街を救い、副ギルドマスターに推薦される

「皆さん待って下さい! 僕らも手伝います!」

「おお、ありがたい! 無茶な願いを聞いて下さってすみません……もし食い止めるのが成功すれば、出来る限りの報酬はお渡しします!」


 クラウゼンさんの細い目尻にしわが寄る。


「それはいーけど、兄ちゃん、何が出来るのさ。あ、あたしはポポ・フローティス! こっちは双子の妹のレポ!」

「あっちは槍、ねえちゃんは斧使いなんですぅ。二人ともドワーフなんで、よろしくですぅ」


 走りながら左右対称で額に指を当て挨拶する二人。

 ポポは赤髪、レポは青髪の……どちらも肌は浅黒い、丸みのある可愛らしい顔立ちの少女達だ。

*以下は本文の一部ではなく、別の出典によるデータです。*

(* Assume Assumptions 1, 2 and 3 (see context) hold, let $T\ge 1$ and let $(\eta_t)_{t\ge1}$ be a non-increasing sequence of positive step sizes used by SMD. Fix $\delta\in(0,1)$. Let $Y_1,Y_2$ be positive numbers (which may depend on $\delta$ and on $(\eta_t)_{t=1}^T$) such that, with $$\gamma=\sqrt{Y_2+\sum_{t=1}^T\eta_t^2\,(G^2+\sigma^2)}$$ and $$D_t=\max\Big\{\gamma,\sqrt{B_\psi(x^*,x_1)},\dots,\sqrt{B_\psi(x^*,x_t)}\Big\},\qquad t\ge1,$$ it holds that $$P\Big(\max_{s\le T}\sum_{t=1}^s\eta_t\Big\langle \xi_t,\frac{x_t-x^*}{\sqrt2\,D_t}\Big\rangle>Y_1\Big)\le\frac\delta2\quad\text{and}\quad P\Big(\sum_{t=1}^T\eta_t^2\big(\|\xi_t\|_*^2-\mathbb E_t\|\xi_t\|_*^2\big)>Y_2\Big)\le\frac\delta2 .$$ Then, with probability at least $1-\delta$, the average iterate $\bar x_T=\frac1T\sum_{t=1}^Tx_t$ satisfies $$f(\bar x_T)-f^*\le\frac{3}{\eta_T T}\Big(B_\psi(x^*,x_1)+\sum_{t=1}^T\eta_t^2(G^2+\sigma^2)+2Y_1^2+Y_2\Big).$$
   Context: Let $\|\cdot\|$ be a norm on $\mathbb R^d$ with dual norm $\|y\|_*=\sup_{\|w\|\le1}\langle y,w\rangle$. Let $\mathcal X\subseteq\mathbb R^d$ be nonempty, closed and convex, and $f:\mathcal X\to\mathbb R$ convex with a minimizer $x^*\in\mathcal X$, $f^*=f(x^* )$; $\partial f(x)$ is the subdifferential. Assumption 1: the regularizer $\psi:\mathbb R^d\to(-\infty,+\infty]$ is closed, convex, differentiable on $\mathrm{int}(\mathrm{dom}\,\psi)\neq\emptyset$ (where $\mathrm{dom}\,\psi=\{\psi<\infty\}$), $1$-strongly convex w.r.t. $\|\cdot\|$ (i.e. $\psi(x)\ge\psi(y)+\langle x-y,g\rangle+\frac12\|x-y\|^2$ for $x,y\in\mathrm{dom}\,\psi$, $g\in\partial\psi(y)$), $\mathcal X\subseteq\mathrm{dom}\,\psi$, and either $\|\nabla\psi(y_k)\|_2\to\infty$ for every sequence $(y_k)$ in $\mathrm{int}\,\mathrm{dom}\,\psi$ converging to a boundary point of $\mathrm{dom}\,\psi$, or $\mathcal X\subseteq\mathrm{int}\,\mathrm{dom}\,\psi$. The Bregman divergence is $B_\psi(x,y)=\psi(x)-\psi(y)-\langle x-y,\nabla\psi(y)\rangle$. Stochastic Mirror Descent (SMD) with non-increasing positive step sizes $(\eta_t)$: pick $x_1\in\mathrm{int}\,\mathrm{dom}\,\psi$; at step $t$ the oracle returns $\hat g_t=g_t-\xi_t$ with $g_t\in\partial f(x_t)$ and noise $\xi_t\in\mathbb R^d$, and $x_{t+1}=\arg\min_{x\in\mathcal X}\langle\hat g_t,x\rangle+\eta_t^{-1}B_\psi(x,x_t)$. $\mathcal F_t$ is the $\sigma$-algebra generated by $\xi_1,\dots,\xi_t$ ($\mathcal F_0$ trivial), so $x_t$ and $g_t$ are $\mathcal F_{t-1}$-measurable; $\mathbb E_t[\cdot]=\mathbb E[\cdot\mid\mathcal F_{t-1}]$, and $\mathbb E_t[\xi_t]=0$. Assumption 2: $\|g\|_*\le G$ for all $x\in\mathcal X$, $g\in\partial f(x)$. Assumption 3: $\mathbb E_t\|\xi_t\|_*^2\le\sigma^2$ for all $t$. *)

From HB Require Import structures.
From mathcomp Require Import all_boot all_order all_algebra.
From mathcomp Require Import all_classical all_reals all_analysis.
Set Implicit Arguments. Unset Strict Implicit. Unset Printing Implicit Defensive.
Import Order.TTheory GRing.Theory Num.Theory.
Import numFieldNormedType.Exports.
Local Open Scope classical_set_scope.
Local Open Scope ring_scope.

 僕らは全員に自己紹介を素早くして、すぐに風魔法の詠唱に入る。


「支援魔法を掛けていきます! 《急加速アクセラレイト》! 《黄風の狩衣ライム・クロス》! 《マナ・ブリーズ》!」


 前の二つはそれぞれ、移動速度上昇の《ヘイスト》と行動速度上昇の《スピードアップ》……風属性攻撃力付与の《エンチャント・ウィンド》と風の防御膜を張る《ウィンド・ウォール》の合成魔法。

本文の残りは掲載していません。